■ INSTRUCTIONS FOR THE TASK ■
Using the records below, give again exactly the lines from the line that contains "by rewrite -addn1" through the line that contains "have -> : wx ^ (t ^+ j) = wx ^ y.", both ends included, and only those.
***
(* Let $p>2$ be a prime, $n\ge1$, $A$ a finite abelian $p$-group and $G$ a group containing $A$ as a normal subgroup with $G/A\cong\mathbb{Z}_{p^n}$, generated by the image of an element $t\in G$. If $[e]_\varphi$ is a subgroup of $G$ for every $\varphi\in{\rm Aut}\,G$, then there is a homomorphism $\theta:A\to\Omega_n(A)$ such that $t^{-1}at=a\,\theta(a)$ for all $a\in A$, and $\theta(\Omega_k(A))\le\Omega_{k-1}(A)$ for all $1\le k\le n$.
   Context: For an automorphism $\varphi$ of $G$, $[e]_\varphi=\{z^{-1}\varphi(z)\mid z\in G\}$. $\Omega_k(A)=\{a\in A\mid a^{p^k}=e\}$; in particular $\Omega_0(A)=\{e\}$. *)

From HB Require Import structures.
From mathcomp Require Import all_boot all_fingroup all_solvable.
Set Implicit Arguments. Unset Strict Implicit. Unset Printing Implicit Defensive.
Local Open Scope group_scope.

Definition twisted_class (gT : finGroupType) (G : {set gT}) (phi : {perm gT})
  : {set gT} := [set z^-1 * phi z | z in G].

Definition Omega_set (gT : finGroupType) (p k : nat) (A : {set gT}) : {set gT} :=
  [set a in A | a ^+ (p ^ k) == 1].

From HB Require Import structures.
From mathcomp Require Import all_boot all_fingroup all_solvable.
Set Implicit Arguments. Unset Strict Implicit. Unset Printing Implicit Defensive.
Local Open Scope group_scope.

(* The map theta a = [a, t] is a homomorphism because A is abelian and normal.
   Conjugation by a in A has twisted class {[z, a]} = {[t^i, a] | i < p^n},
   a subgroup containing [t, a], so [a, t] has order dividing p^n.
   If a has order p and d = [a, t] commutes with t, the map fixing A and
   sending t to t a is an automorphism (p is odd and divides p^n and
   binom(p^n, 2)) with twisted class {a^i d^binom(i,2)}; closure under
   products gives a^2 = a^i d^binom(i,2), whence i = 2 mod p, then
   p does not divide binom(i, 2), and d = 1.  Since G is a p-group, hence
   nilpotent, iterated commutators with t vanish, so every element of order p
   commutes with t; this gives theta(Omega_k) <= Omega_(k-1). *)

Lemma prime_dvd_bin2 p i : prime p -> (2 < p)%N ->
  (p %| 'C(i, 2))%N = (p %| i)%N || (p %| i.-1)%N.
Proof.
move=> pp p2; have cop2 : coprime p 2.
  by rewrite prime_coprime //; apply/negP=> /(dvdn_leq (isT : 0 < 2)); rewrite leqNgt p2.
rewrite -(Gauss_dvdr _ cop2) mul2n bin2 halfK -Euclid_dvdM //.
by case: i => [|i] //=; rewrite oddM /= andNb subn0.
Qed.

Lemma prime_ndvd_bin2_mod2 p i : prime p -> (2 < p)%N -> (i %% p = 2)%N ->
  ~~ (p %| 'C(i, 2))%N.
Proof.
move=> pp p2 i2; rewrite prime_dvd_bin2 // negb_or {1}/dvdn i2 /=.
rewrite (divn_eq i p) i2 addn2 /= -addn1 dvdn_addr ?dvdn_mull // dvdn1.
by apply: contraTneq p2 => ->.
Qed.

Lemma expMg_Rcentral (gT : finGroupType) (t a : gT) i :
  commute a [~ a, t] -> commute t [~ a, t] ->
  t ^- i * (t * a) ^+ i = a ^+ i * [~ a, t] ^+ 'C(i, 2).
Proof. by move=> cad ctd; rewrite expMg_Rmul // -!mulgA mulKg. Qed.

Lemma eq1_of_square_twist (gT : finGroupType) p (a d : gT) i :
    prime p -> (2 < p)%N -> a ^+ p = 1 -> d ^+ p = 1 ->
  d ^+ 2 = d ^+ i -> a ^+ 2 = a ^+ i * d ^+ 'C(i, 2) -> d = 1.
Proof.
move=> pr_p p_gt2 ap dp d2i a2E; apply/eqP; apply: contraT => d_nt.
have od : #[d] = p by apply/prime_nt_dvdP; rewrite ?order_eq1 ?order_dvdn ?dp.
have i2 : (i %% p = 2)%N.
  by move/eqP: d2i; rewrite eq_expg_mod_order od modn_small // => /eqP.
have ai : a ^+ i = a ^+ 2 by rewrite -(expg_mod i ap) i2.
have dC : d ^+ 'C(i, 2) = 1 by apply: (mulgI (a ^+ 2)); rewrite mulg1 {2}a2E ai.
have := prime_ndvd_bin2_mod2 pr_p p_gt2 i2.
by rewrite -od order_dvdn dC eqxx.
Qed.

Section AbelianCommutator.

Variables (gT : finGroupType) (A : {group gT}) (t : gT).
Hypotheses (cAA : abelian A) (nAt : t \in 'N(A)).

Lemma mem_commg_norm x : x \in A -> [~ x, t] \in A.
Proof. by move=> Ax; rewrite commgEl groupM ?groupV // memJ_norm. Qed.

Lemma commgMl_abelian : {in A &, {morph (fun x => [~ x, t]) : x y / x * y}}.
Proof.
move=> x y Ax Ay /=; rewrite commMgJ conjgE.
by rewrite (centsP cAA _ (mem_commg_norm Ax) _ Ay) mulKg.
Qed.

Lemma commgXl_abelian x k : x \in A -> [~ x ^+ k, t] = [~ x, t] ^+ k.
Proof.
move=> Ax; elim: k => [|k IHk]; first by rewrite comm1g.
by rewrite !expgSr commgMl_abelian ?groupX // IHk.
Qed.

Definition commg_morphism := Morphism commgMl_abelian.

End AbelianCommutator.

Section CyclicQuotient.

Variables (gT : finGroupType) (G A : {group gT}) (t : gT).
Hypotheses (cAA : abelian A) (nsAG : A <| G) (Gt : t \in G)
           (defGA : G / A = <[coset A t]>).

Local Notation m := #[coset A t].

Let sAG : A \subset G := normal_sub nsAG.
Let nAG : G \subset 'N(A) := normal_norm nsAG.
Let nAt : t \in 'N(A) := subsetP nAG t Gt.

Definition coset_exponent x :=
  oapp val 0%N [pick i : 'I_m | coset A x == coset A t ^+ i].

Lemma coset_exponentP x : x \in G ->
  coset A x = coset A t ^+ coset_exponent x /\ (coset_exponent x < m)%N.
Proof.
move=> Gx; rewrite /coset_exponent; case: pickP => [i /eqP -> | none] //=.
have : coset A x \in <[coset A t]> by rewrite -defGA mem_quotient.
by case/cyclePmin=> i lti ci; have := none (Ordinal lti); rewrite /= ci eqxx.
Qed.

Lemma coset_exponent_expg i : (i < m)%N -> coset_exponent (t ^+ i) = i.
Proof.
move=> lti; have [cti lt_ti] := coset_exponentP (groupX i Gt).
move/eqP: cti; rewrite morphX // eq_expg_mod_order.
by rewrite (modn_small lti) (modn_small lt_ti) => /eqP.
Qed.

Lemma coset_exponentM x y : x \in G -> y \in G ->
  coset_exponent (x * y) = ((coset_exponent x + coset_exponent y) %% m)%N.
Proof.
move=> Gx Gy; have [cx _] := coset_exponentP Gx; have [cy _] := coset_exponentP Gy.
have [cxy ltxy] := coset_exponentP (groupM Gx Gy).
rewrite -(modn_small ltxy); apply/eqP; rewrite -eq_expg_mod_order -cxy expgD.
by rewrite -cx -cy morphM // (subsetP nAG).
Qed.

Lemma mem_mulg_coset_exponent x : x \in G -> x * t ^- coset_exponent x \in A.
Proof.
move=> Gx; have [cx _] := coset_exponentP Gx.
have Nx := subsetP nAG x Gx.
apply: coset_idr; first by rewrite groupM ?groupV ?groupX.
rewrite morphM ?groupV ?groupX // morphV ?groupX // morphX //.
by change (coset A x * (coset A t ^+ coset_exponent x)^-1 = 1); rewrite cx mulgV.
Qed.

Lemma twisted_class_conj_aut_sub a : a \in A ->
  twisted_class G (conj_aut G a) \subset [set [~ t ^+ i, a] | i : 'I_m].
Proof.
move=> Aa; apply/subsetP=> _ /imsetP[z Gz ->].
rewrite conj_autE ?(subsetP sAG a Aa) // -commgEl.
have [_ lt_zm] := coset_exponentP Gz.
apply/imsetP; exists (Ordinal lt_zm) => //=.
have Au := mem_mulg_coset_exponent Gz.
rewrite -{1}(mulgKV (t ^+ coset_exponent z) z) commMgJ.
by have /commgP/eqP -> := centsP cAA _ Au a Aa; rewrite conj1g mul1g.
Qed.

Section ShiftAutomorphism.

Variable a : gT.
Hypotheses (Aa : a \in A) (shift_exp : (t * a) ^+ m = t ^+ m).

Let w i := t ^- i * (t * a) ^+ i.

Let wD i j : w (i + j) = w i ^ (t ^+ j) * w j.
Proof. by rewrite /w !expgD invMg conjgE !mulgA mulgK. Qed.

Let wA i : w i \in A.
Proof.
elim: i => [|i IHi]; first by rewrite /w !expg0 invg1 mulg1 group1.
have w1 : w 1 = a by rewrite /w !expg1 mulKg.
by rewrite -addn1 wD groupM ?memJ_norm ?groupX // w1.
Qed.

Let wmod i : w (i %% m) = w i.
Proof.
have tmA : t ^+ m \in A.
  by apply: coset_idr; rewrite ?groupX // morphX // expg_order.
rewrite {2}(divn_eq i m) addnC; elim: (i %/ m)%N => [|q IHq].
  by rewrite mul0n addn0.
have wm : w m = 1 by rewrite /w shift_exp mulVg.
rewrite mulSnr addnA wD -IHq wm mulg1 conjgE.
by rewrite (centsP cAA _ (wA _) _ tmA) mulKg.
Qed.

(* On the coset A t^i, f multiplies by w i: it fixes A and sends t to t a. *)
Let f x := x * w (coset_exponent x).

Let fM : {in G &, {morph f : x y / x * y}}.
Proof.
move=> x y Gx Gy; rewrite /f coset_exponentM // wmod wD.
set j := coset_exponent y; set wx := w (coset_exponent x).
have -> : wx ^ (t ^+ j) = wx ^ y.
  rewrite -{1}(mulgKV (t ^+ j) y) conjgM; congr (_ ^ _).
  by rewrite conjgE (centsP cAA _ (wA _) _ (mem_mulg_coset_exponent Gy)) mulKg.
by rewrite conjgE -!mulgA mulKVg.
Qed.

Let f_injm : 'injm (Morphism fM).
Proof.
apply/injmP=> x y Gx Gy /= fxy.
have cxy : coset A x = coset A y.
  rewrite -(coset_kerr x (wA (coset_exponent x))).
  by rewrite -(coset_kerr y (wA (coset_exponent y))) -/(f x) -/(f y) fxy.
by move: fxy; rewrite /f /coset_exponent cxy => /mulIg.
Qed.

Let f_morphim : Morphism fM @* G = G.
Proof.
apply/eqP; rewrite eqEcard card_injm // leqnn andbT morphimEdom.
by apply/subsetP=> _ /imsetP[x Gx ->]; rewrite /= /f groupM // (subsetP sAG).
Qed.

Lemma twisted_class_shift : exists2 phi, phi \in Aut G &
  twisted_class G phi = [set t ^- i * (t * a) ^+ i | i : 'I_m].
Proof.
exists (aut f_injm f_morphim); first exact: Aut_aut.
apply/setP=> g; apply/imsetP/imsetP=> [[z Gz ->] | [i _ ->]].
  rewrite autE //= /f mulKg.
  by exists (Ordinal (coset_exponentP Gz).2).
exists (t ^+ i); first by rewrite groupX.
by rewrite autE ?groupX //= /f mulKg coset_exponent_expg.
Qed.

End ShiftAutomorphism.

End CyclicQuotient.

Section TwistedClassesSubgroups.

Variables (gT : finGroupType) (p n : nat) (G A : {group gT}) (t : gT).
Hypotheses (pr_p : prime p) (p_gt2 : (2 < p)%N) (cAA : abelian A)
           (pA : p.-group A) (nsAG : A <| G) (Gt : t \in G)
           (defGA : G / A = <[coset A t]>) (oGA : #|G / A| = (p ^ n)%N).
Hypothesis twisted_group : forall phi, phi \in Aut G -> group_set (twisted_class G phi).

Let sAG : A \subset G := normal_sub nsAG.
Let nAt : t \in 'N(A) := subsetP (normal_norm nsAG) t Gt.
Let ot : #[coset A t] = (p ^ n)%N. Proof. by rewrite -oGA defGA. Qed.

Lemma expg_commg_eq1 a : a \in A -> [~ a, t] ^+ (p ^ n) = 1.
Proof.
move=> Aa; set g := [~ t, a].
have Aut_a : conj_aut G a \in Aut G.
  by rewrite (subsetP (Aut_conj_aut G G)) ?mem_morphim ?(subsetP (normG G)) ?(subsetP sAG).
have g_twisted : g \in twisted_class G (conj_aut G a).
  by apply/imsetP; exists t => //; rewrite conj_autE ?(subsetP sAG a Aa) // /g commgEl.
have le_g : (#[g] <= p ^ n)%N.
  rewrite -ot -[X in (_ <= X)%N]card_ord.
  apply: leq_trans (leq_imset_card (fun i : 'I__ => [~ t ^+ i, a]) _).
  apply: subset_leq_card (subset_trans _ (twisted_class_conj_aut_sub cAA nsAG Gt defGA Aa)).
  by rewrite -[twisted_class _ _]/(gval (Group (twisted_group Aut_a))) cycle_subG.
have [k ok] : {k | #[g] = (p ^ k)%N}.
  by apply/p_natP/(mem_p_elt pA); rewrite /g -invg_comm groupV mem_commg_norm.
have : (#[g] %| p ^ n)%N.
  by rewrite ok dvdn_exp2l // -(leq_exp2l _ _ (prime_gt1 pr_p)) -ok.
by rewrite order_dvdn /g -invg_comm expgVn invg_eq1 => /eqP.
Qed.

Hypothesis n_gt0 : (0 < n)%N.

Lemma commg_eq1_of_commg2 a :
  a \in A -> a ^+ p = 1 -> [~ [~ a, t], t] = 1 -> [~ a, t] = 1.
Proof.
move=> Aa ap dt1; set d := [~ a, t].
have Ad : d \in A := mem_commg_norm nAt Aa.
have dp : d ^+ p = 1 by rewrite -(commgXl_abelian cAA nAt) // ap comm1g.
have cad : commute a d := centsP cAA a Aa d Ad.
have ctd : commute t d by apply/commgP; rewrite -invg_comm dt1 invg1.
have wE i : t ^- i * (t * a) ^+ i = a ^+ i * d ^+ 'C(i, 2) := expMg_Rcentral i cad ctd.
have expg_dvd (x : gT) i : x ^+ p = 1 -> (p %| i)%N -> x ^+ i = 1.
  by move=> xp /dvdnP[q ->]; rewrite mulnC expgM xp expg1n.
have p_dvd_m : (p %| #[coset A t])%N by rewrite ot -{1}(expn1 p) dvdn_exp2l.
have shift : (t * a) ^+ #[coset A t] = t ^+ #[coset A t].
  apply: (mulgI (t ^- #[coset A t])); rewrite wE mulVg (expg_dvd a) // (expg_dvd d) ?mulg1 //.
  by rewrite prime_dvd_bin2 ?p_dvd_m.
have [phi Aut_phi tw_phi] := twisted_class_shift cAA nsAG Gt defGA Aa shift.
have gs := twisted_group Aut_phi; rewrite tw_phi in gs.
have m_gt1 : (1 < #[coset A t])%N by rewrite ot -(expn0 p) ltn_exp2l ?prime_gt1.
have a_tw : a \in [set t ^- i * (t * a) ^+ i | i : 'I_#[coset A t]].
  by apply/imsetP; exists (Ordinal m_gt1); rewrite //= wE expg1 mulg1.
have /imsetP[i _] := (group_setP gs).2 a a a_tw a_tw.
rewrite wE -expg2 => a2E.
have d2i : d ^+ 2 = d ^+ i.
  have := congr1 (fun x => [~ x, t]) a2E.
  rewrite /= !(commgMl_abelian cAA nAt) ?groupX // !(commgXl_abelian cAA nAt) //.
  by rewrite -/d dt1 expg1n mulg1 expg2.
exact: eq1_of_square_twist pr_p p_gt2 ap dp d2i a2E.
Qed.

Lemma commg_eq1_Omega1 b : b \in A -> b ^+ p = 1 -> [~ b, t] = 1.
Proof.
have pG : p.-group G.
  rewrite /pgroup -(Lagrange sAG) -card_quotient ?normal_norm //.
  by rewrite oGA pnatM pnatX pnat_id // andbT; exact: pA.
pose c x := [~ x, t].
have iter_lcn r x : x \in G -> iter r c x \in 'L_r.+1(G).
  elim: r => [|r IHr] Gx /=; first by rewrite lcn1.
  by rewrite lcnSn mem_commg ?IHr.
have iter_eq1 r y : y \in A -> y ^+ p = 1 -> iter r c y = 1 -> c y = 1.
  elim: r y => [|r IHr] y Ay yp; first by move=> /= ->; rewrite /c comm1g.
  rewrite iterSr => /IHr c2y; apply: commg_eq1_of_commg2 => //; apply: c2y.
    exact: mem_commg_norm.
  by rewrite /c -(commgXl_abelian cAA nAt) // yp comm1g.
move=> Ab bp; apply: (iter_eq1 (nil_class G)) => //.
have := iter_lcn (nil_class G) b (subsetP sAG b Ab).
by rewrite (lcn_nil_classP _ (pgroup_nil pG) (leqnn _)) inE => /eqP.
Qed.

End TwistedClassesSubgroups.

Local Close Scope group_scope.
Unset Implicit Arguments.

Theorem mainTheorem12 (gT : finGroupType) (p n : nat) (G A : {group gT}) (t : gT) :
  prime p -> (2 < p)%N -> (0 < n)%N ->
  (abelian A)%g -> (p.-group A)%g -> (A <| G)%g ->
  t \in G -> (G / A)%g = <[coset A t]>%g -> #|(G / A)%g| = (p ^ n)%N ->
  (forall phi, phi \in Aut G -> group_set (twisted_class G phi)) ->
  exists theta : {morphism A >-> gT},
    [/\ forall a, a \in A -> theta a \in Omega_set p n A,
        forall a, a \in A -> (a ^ t)%g = (a * theta a)%g
      & forall k, (1 <= k <= n)%N ->
          (theta @* (Omega_set p k A))%g \subset Omega_set p k.-1 A].
Proof.
move=> pr_p p_gt2 n_gt0 cAA pA nsAG Gt defGA oGA twisted_group.
have nAt : (t \in 'N(A))%g := subsetP (normal_norm nsAG) t Gt.
exists (commg_morphism cAA nAt); split=> [a Aa | a Aa | k /andP[k_gt0 _]] /=.
- rewrite inE mem_commg_norm //=.
  by rewrite (expg_commg_eq1 pr_p cAA pA nsAG Gt defGA oGA twisted_group Aa).
- exact: conjg_mulR.
apply/subsetP=> _ /morphimP[x Ax + ->]; rewrite inE => /andP[_ /eqP xk].
rewrite /= inE mem_commg_norm //= -(commgXl_abelian cAA nAt) //.
rewrite (commg_eq1_Omega1 pr_p p_gt2 cAA pA nsAG Gt defGA oGA twisted_group) ?groupX //.
by rewrite -expgM -expnSr prednK.
Qed.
***
■ OUTPUT ■
by rewrite -addn1 wD groupM ?memJ_norm ?groupX // w1.
Qed.

Let wmod i : w (i %% m) = w i.
Proof.
have tmA : t ^+ m \in A.
  by apply: coset_idr; rewrite ?groupX // morphX // expg_order.
rewrite {2}(divn_eq i m) addnC; elim: (i %/ m)%N => [|q IHq].
  by rewrite mul0n addn0.
have wm : w m = 1 by rewrite /w shift_exp mulVg.
rewrite mulSnr addnA wD -IHq wm mulg1 conjgE.
by rewrite (centsP cAA _ (wA _) _ tmA) mulKg.
Qed.

(* On the coset A t^i, f multiplies by w i: it fixes A and sends t to t a. *)
Let f x := x * w (coset_exponent x).

Let fM : {in G &, {morph f : x y / x * y}}.
Proof.
move=> x y Gx Gy; rewrite /f coset_exponentM // wmod wD.
set j := coset_exponent y; set wx := w (coset_exponent x).
have -> : wx ^ (t ^+ j) = wx ^ y.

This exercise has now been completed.